TASK GOAL: What is needed here is a verbatim copy of the records that follow.

Stored data entries:
....

Lemma state_eqP : Equality.axiom state_eqb.
Proof. by case; case; constructor. Qed.

HB.instance Definition _ := hasDecEq.Build state state_eqP.

Definition states : seq state := [:: Op1; Op2; Und].

(* A configuration: number of agents in each state. *)
Definition config := state -> nat.

Definition mkcfg (x1 x2 u : nat) : config :=
  fun q => match q with Op1 => x1 | Op2 => x2 | Und => u end.

(* Probability that the scheduler picks an initiator in state a and a
   (distinct) responder in state b: ordered pairs of distinct agents,
   uniform among the n(n-1) such pairs. *)
Definition weight {R : numFieldType} (n : nat) (c : config) (a b : state) : R :=
  (c a * (c b - (a == b)))%:R / (n * n.-1)%:R.

(* Transition probability of USD_p: initiator in state a, responder in
   state b; probability that the initiator ends in state c. *)
Definition delta {R : numFieldType} (p : R) (a b c : state) : R :=
  match a, b with
  | Op2, Op1 => (c == Und)%:R
  | Op1, Op2 => if c == Op1 then p else if c == Und then 1 - p else 0
  | Und, b' => (c == b')%:R
  | a', _ => (c == a')%:R
  end.

Definition update (cf : config) (a c : state) : config :=
  fun q => (cf q - (q == a) + (q == c))%N.

Definition step {R : numFieldType} (p : R) (n : nat) (f : config -> R)
    (cf : config) : R :=
  \sum_(a <- states) \sum_(b <- states) \sum_(c <- states)
    weight n cf a b * delta p a b c * f (update cf a c).

Definition consensus (n : nat) (i : state) (cf : config) : bool := cf i == n.

(* hitP p n i t cf = Pr[T_i(p, cf) <= t] in USD_p(cf) with n agents:
   the probability that the chain started in cf reaches the configuration
   where all agents have opinion i within t interactions. *)
Fixpoint hitP {R : numFieldType} (p : R) (n : nat) (i : state) (t : nat)
    (cf : config) : R :=
  if consensus n i cf then 1 else
  match t with
  | 0 => 0
  | t'.+1 => step p n (hitP p n i t') cf
  end.

From mathcomp Require Import all_boot all_order all_algebra ring zify.
From Stdlib Require Import FunctionalExtensionality.
Import Order.TTheory GRing.Theory Num.Theory.
Set Implicit Arguments. Unset Strict Implicit.
Local Open Scope ring_scope.

(** Both hitting probabilities are computed by the backward recursion
    [hitP (t+1) = step (hitP t)] off the consensus set, so it suffices that the
    one-step operator [step p] maps functions that are monotone for the order
    "more agents of opinion 1, fewer of opinion 2" to monotone functions, and
    that on such functions it is nondecreasing in the stubbornness [p].  Both
    facts reduce to explicit identities: the relevant difference of the two
    (unnormalised) one-step expectations is a sum of nonnegative rates times
    increments of [f] between comparable configurations.  Opinion 2 is handled
    by applying the same facts to [-f] and the reversed order. *)

Definition cfg_sum (c : config) : nat := (c Op1 + c Op2 + c Und)%N.
Arguments cfg_sum c /.

Definition cfg_le (n : nat) (c d : config) : Prop :=
  [/\ cfg_sum c = n, cfg_sum d = n, (c Op1 <= d Op1)%N & (d Op2 <= c Op2)%N].

Lemma mkcfgE (c : config) : c = mkcfg (c Op1) (c Op2) (c Und).
Proof. by apply: functional_extensionality; case. Qed.

Lemma update_mkcfg x1 x2 u a c : update (mkcfg x1 x2 u) a c =
  mkcfg (x1 - (Op1 == a) + (Op1 == c)) (x2 - (Op2 == a) + (Op2 == c))
        (u - (Und == a) + (Und == c)).
Proof. by apply: functional_extensionality; case. Qed.

(* The five terms are the rates of the moves 1 -> ⊥ (a non-stubborn 1 meets a 2),
   2 -> ⊥, ⊥ -> 1, ⊥ -> 2, and of the interactions that change nothing; a
   truncated [.-1] only occurs in a term whose rate is then 0. *)
Definition scaled_step {R : numFieldType} (p : R) (f : config -> R) x1 x2 u : R :=
  (x1 * x2)%:R * (1 - p) * f (mkcfg x1.-1 x2 u.+1)
  + (x1 * x2)%:R * f (mkcfg x1 x2.-1 u.+1)
  + (u * x1)%:R * f (mkcfg x1.+1 x2 u.-1) + (u * x2)%:R * f (mkcfg x1 x2.+1 u.-1)
  + ((x1 * x1.-1 + x2 * x2.-1 + u * u.-1 + x1 * u + x2 * u)%:R + (x1 * x2)%:R * p)
    * f (mkcfg x1 x2 u).

Lemma step_mkcfg {R : numFieldType} (p : R) n f x1 x2 u :
  step p n f (mkcfg x1 x2 u) = scaled_step p f x1 x2 u / (n * n.-1)%:R.
Proof.
rewrite /step /states !big_cons !big_nil /weight !update_mkcfg /= /scaled_step.
by case: x1 => [|x1]; case: x2 => [|x2]; case: u => [|u];
  rewrite ?subn0 ?addn0 ?subn1 ?addn1 /= ?mul0n ?muln0 ?mulr0n ?mulr1n; ring.
Qed.

Lemma step_opp {R : numFieldType} (p : R) n f c :
  step p n (fun c' => - f c') c = - step p n f c.
Proof.
rewrite /step -sumrN; apply: eq_bigr => a _; rewrite -sumrN.
apply: eq_bigr => b _; rewrite -sumrN; apply: eq_bigr => c' _; exact: mulrN.
Qed.

Section ScaledStep.
Variables (R : realFieldType) (n : nat).
Implicit Types (p : R) (f g : config -> R).

Lemma natr_mul_subr_ge0 (k : nat) (r P Q : R) :
  0 <= r -> ((0 < k)%N -> P <= Q) -> 0 <= k%:R * r * (Q - P).
Proof.
case: k => [|k] r0 PQ; first by rewrite !mul0r.
by rewrite !mulr_ge0 // subr_ge0; apply: PQ.
Qed.

Section Monotone.
Variables (p : R) (f : config -> R).
Hypotheses (p_ge0 : 0 <= p) (p_le1 : p <= 1).
Hypothesis f_homo : {homo f : c d / cfg_le n c d >-> c <= d}.

Let q_ge0 : 0 <= 1 - p. Proof. by rewrite subr_ge0. Qed.

Lemma scaled_step_und_to_op1 a b w : (a + b + w.+1 = n)%N ->
  scaled_step p f a b w.+1 <= scaled_step p f a.+1 b w.
Proof.
move=> hn; rewrite -subr_ge0.
set F := fun x y z => f (mkcfg x y z).
have -> : scaled_step p f a.+1 b w - scaled_step p f a b w.+1 =
   (a * b)%:R * (1 - p) * (F a b w.+1 - F a.-1 b w.+2)
 + (a * b)%:R * 1 * (F a.+1 b.-1 w.+1 - F a b.-1 w.+2)
 + (w * a)%:R * 1 * (F a.+2 b w.-1 - F a.+1 b w)
 + (w * b)%:R * 1 * (F a.+1 b.+1 w.-1 - F a b.+1 w)
 + (a * a.-1 + b * b.-1 + w * w.-1 + a * w + b * w)%:R * 1 * (F a.+1 b w - F a b w.+1)
 + (a * b)%:R * p * (F a.+1 b w - F a b w.+1)
 + b%:R * p * (F a.+1 b w - F a b.+1 w)
 + b%:R * (1 - p) * (F a b w.+1 - F a b.+1 w)
 + w%:R * 1 * (F a.+1 b w - F a b w.+1)
 + a%:R * 1 * (F a.+1 b w - F a b w.+1)
 + b%:R * 1 * (F a.+1 b.-1 w.+1 - F a b w.+1)
 + w%:R * 1 * (F a.+2 b w.-1 - F a b w.+1).
  rewrite /scaled_step /F; clear hn.
  by case: a => [|a]; case: b => [|b]; case: w => [|w];
    rewrite /= ?mul0n ?muln0 ?mulr0n ?mulr1n; ring.
by rewrite !addr_ge0 //; apply: natr_mul_subr_ge0 => // k0; apply: f_homo; split=> /=; nia.
Qed.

....

PROBLEM SOLUTION:
Lemma state_eqP : Equality.axiom state_eqb.
Proof. by case; case; constructor. Qed.

HB.instance Definition _ := hasDecEq.Build state state_eqP.

Definition states : seq state := [:: Op1; Op2; Und].

(* A configuration: number of agents in each state. *)
Definition config := state -> nat.

Definition mkcfg (x1 x2 u : nat) : config :=
  fun q => match q with Op1 => x1 | Op2 => x2 | Und => u end.

(* Probability that the scheduler picks an initiator in state a and a
   (distinct) responder in state b: ordered pairs of distinct agents,
   uniform among the n(n-1) such pairs. *)
Definition weight {R : numFieldType} (n : nat) (c : config) (a b : state) : R :=
  (c a * (c b - (a == b)))%:R / (n * n.-1)%:R.

(* Transition probability of USD_p: initiator in state a, responder in
   state b; probability that the initiator ends in state c. *)
Definition delta {R : numFieldType} (p : R) (a b c : state) : R :=
  match a, b with
  | Op2, Op1 => (c == Und)%:R
  | Op1, Op2 => if c == Op1 then p else if c == Und then 1 - p else 0
  | Und, b' => (c == b')%:R
  | a', _ => (c == a')%:R
  end.

Definition update (cf : config) (a c : state) : config :=
  fun q => (cf q - (q == a) + (q == c))%N.

Definition step {R : numFieldType} (p : R) (n : nat) (f : config -> R)
    (cf : config) : R :=
  \sum_(a <- states) \sum_(b <- states) \sum_(c <- states)
    weight n cf a b * delta p a b c * f (update cf a c).

Definition consensus (n : nat) (i : state) (cf : config) : bool := cf i == n.

(* hitP p n i t cf = Pr[T_i(p, cf) <= t] in USD_p(cf) with n agents:
   the probability that the chain started in cf reaches the configuration
   where all agents have opinion i within t interactions. *)
Fixpoint hitP {R : numFieldType} (p : R) (n : nat) (i : state) (t : nat)
    (cf : config) : R :=
  if consensus n i cf then 1 else
  match t with
  | 0 => 0
  | t'.+1 => step p n (hitP p n i t') cf
  end.

From mathcomp Require Import all_boot all_order all_algebra ring zify.
From Stdlib Require Import FunctionalExtensionality.
Import Order.TTheory GRing.Theory Num.Theory.
Set Implicit Arguments. Unset Strict Implicit.
Local Open Scope ring_scope.

(** Both hitting probabilities are computed by the backward recursion
    [hitP (t+1) = step (hitP t)] off the consensus set, so it suffices that the
    one-step operator [step p] maps functions that are monotone for the order
    "more agents of opinion 1, fewer of opinion 2" to monotone functions, and
    that on such functions it is nondecreasing in the stubbornness [p].  Both
    facts reduce to explicit identities: the relevant difference of the two
    (unnormalised) one-step expectations is a sum of nonnegative rates times
    increments of [f] between comparable configurations.  Opinion 2 is handled
    by applying the same facts to [-f] and the reversed order. *)

Definition cfg_sum (c : config) : nat := (c Op1 + c Op2 + c Und)%N.
Arguments cfg_sum c /.

Definition cfg_le (n : nat) (c d : config) : Prop :=
  [/\ cfg_sum c = n, cfg_sum d = n, (c Op1 <= d Op1)%N & (d Op2 <= c Op2)%N].

Lemma mkcfgE (c : config) : c = mkcfg (c Op1) (c Op2) (c Und).
Proof. by apply: functional_extensionality; case. Qed.

Lemma update_mkcfg x1 x2 u a c : update (mkcfg x1 x2 u) a c =
  mkcfg (x1 - (Op1 == a) + (Op1 == c)) (x2 - (Op2 == a) + (Op2 == c))
        (u - (Und == a) + (Und == c)).
Proof. by apply: functional_extensionality; case. Qed.

(* The five terms are the rates of the moves 1 -> ⊥ (a non-stubborn 1 meets a 2),
   2 -> ⊥, ⊥ -> 1, ⊥ -> 2, and of the interactions that change nothing; a
   truncated [.-1] only occurs in a term whose rate is then 0. *)
Definition scaled_step {R : numFieldType} (p : R) (f : config -> R) x1 x2 u : R :=
  (x1 * x2)%:R * (1 - p) * f (mkcfg x1.-1 x2 u.+1)
  + (x1 * x2)%:R * f (mkcfg x1 x2.-1 u.+1)
  + (u * x1)%:R * f (mkcfg x1.+1 x2 u.-1) + (u * x2)%:R * f (mkcfg x1 x2.+1 u.-1)
  + ((x1 * x1.-1 + x2 * x2.-1 + u * u.-1 + x1 * u + x2 * u)%:R + (x1 * x2)%:R * p)
    * f (mkcfg x1 x2 u).

Lemma step_mkcfg {R : numFieldType} (p : R) n f x1 x2 u :
  step p n f (mkcfg x1 x2 u) = scaled_step p f x1 x2 u / (n * n.-1)%:R.
Proof.
rewrite /step /states !big_cons !big_nil /weight !update_mkcfg /= /scaled_step.
by case: x1 => [|x1]; case: x2 => [|x2]; case: u => [|u];
  rewrite ?subn0 ?addn0 ?subn1 ?addn1 /= ?mul0n ?muln0 ?mulr0n ?mulr1n; ring.
Qed.

Lemma step_opp {R : numFieldType} (p : R) n f c :
  step p n (fun c' => - f c') c = - step p n f c.
Proof.
rewrite /step -sumrN; apply: eq_bigr => a _; rewrite -sumrN.
apply: eq_bigr => b _; rewrite -sumrN; apply: eq_bigr => c' _; exact: mulrN.
Qed.

Section ScaledStep.
Variables (R : realFieldType) (n : nat).
Implicit Types (p : R) (f g : config -> R).

Lemma natr_mul_subr_ge0 (k : nat) (r P Q : R) :
  0 <= r -> ((0 < k)%N -> P <= Q) -> 0 <= k%:R * r * (Q - P).
Proof.
case: k => [|k] r0 PQ; first by rewrite !mul0r.
by rewrite !mulr_ge0 // subr_ge0; apply: PQ.
Qed.

Section Monotone.
Variables (p : R) (f : config -> R).
Hypotheses (p_ge0 : 0 <= p) (p_le1 : p <= 1).
Hypothesis f_homo : {homo f : c d / cfg_le n c d >-> c <= d}.

Let q_ge0 : 0 <= 1 - p. Proof. by rewrite subr_ge0. Qed.

Lemma scaled_step_und_to_op1 a b w : (a + b + w.+1 = n)%N ->
  scaled_step p f a b w.+1 <= scaled_step p f a.+1 b w.
Proof.
move=> hn; rewrite -subr_ge0.
set F := fun x y z => f (mkcfg x y z).
have -> : scaled_step p f a.+1 b w - scaled_step p f a b w.+1 =
   (a * b)%:R * (1 - p) * (F a b w.+1 - F a.-1 b w.+2)
 + (a * b)%:R * 1 * (F a.+1 b.-1 w.+1 - F a b.-1 w.+2)
 + (w * a)%:R * 1 * (F a.+2 b w.-1 - F a.+1 b w)
 + (w * b)%:R * 1 * (F a.+1 b.+1 w.-1 - F a b.+1 w)
 + (a * a.-1 + b * b.-1 + w * w.-1 + a * w + b * w)%:R * 1 * (F a.+1 b w - F a b w.+1)
 + (a * b)%:R * p * (F a.+1 b w - F a b w.+1)
 + b%:R * p * (F a.+1 b w - F a b.+1 w)
 + b%:R * (1 - p) * (F a b w.+1 - F a b.+1 w)
 + w%:R * 1 * (F a.+1 b w - F a b w.+1)
 + a%:R * 1 * (F a.+1 b w - F a b w.+1)
 + b%:R * 1 * (F a.+1 b.-1 w.+1 - F a b w.+1)
 + w%:R * 1 * (F a.+2 b w.-1 - F a b w.+1).
  rewrite /scaled_step /F; clear hn.
  by case: a => [|a]; case: b => [|b]; case: w => [|w];
    rewrite /= ?mul0n ?muln0 ?mulr0n ?mulr1n; ring.
by rewrite !addr_ge0 //; apply: natr_mul_subr_ge0 => // k0; apply: f_homo; split=> /=; nia.
Qed.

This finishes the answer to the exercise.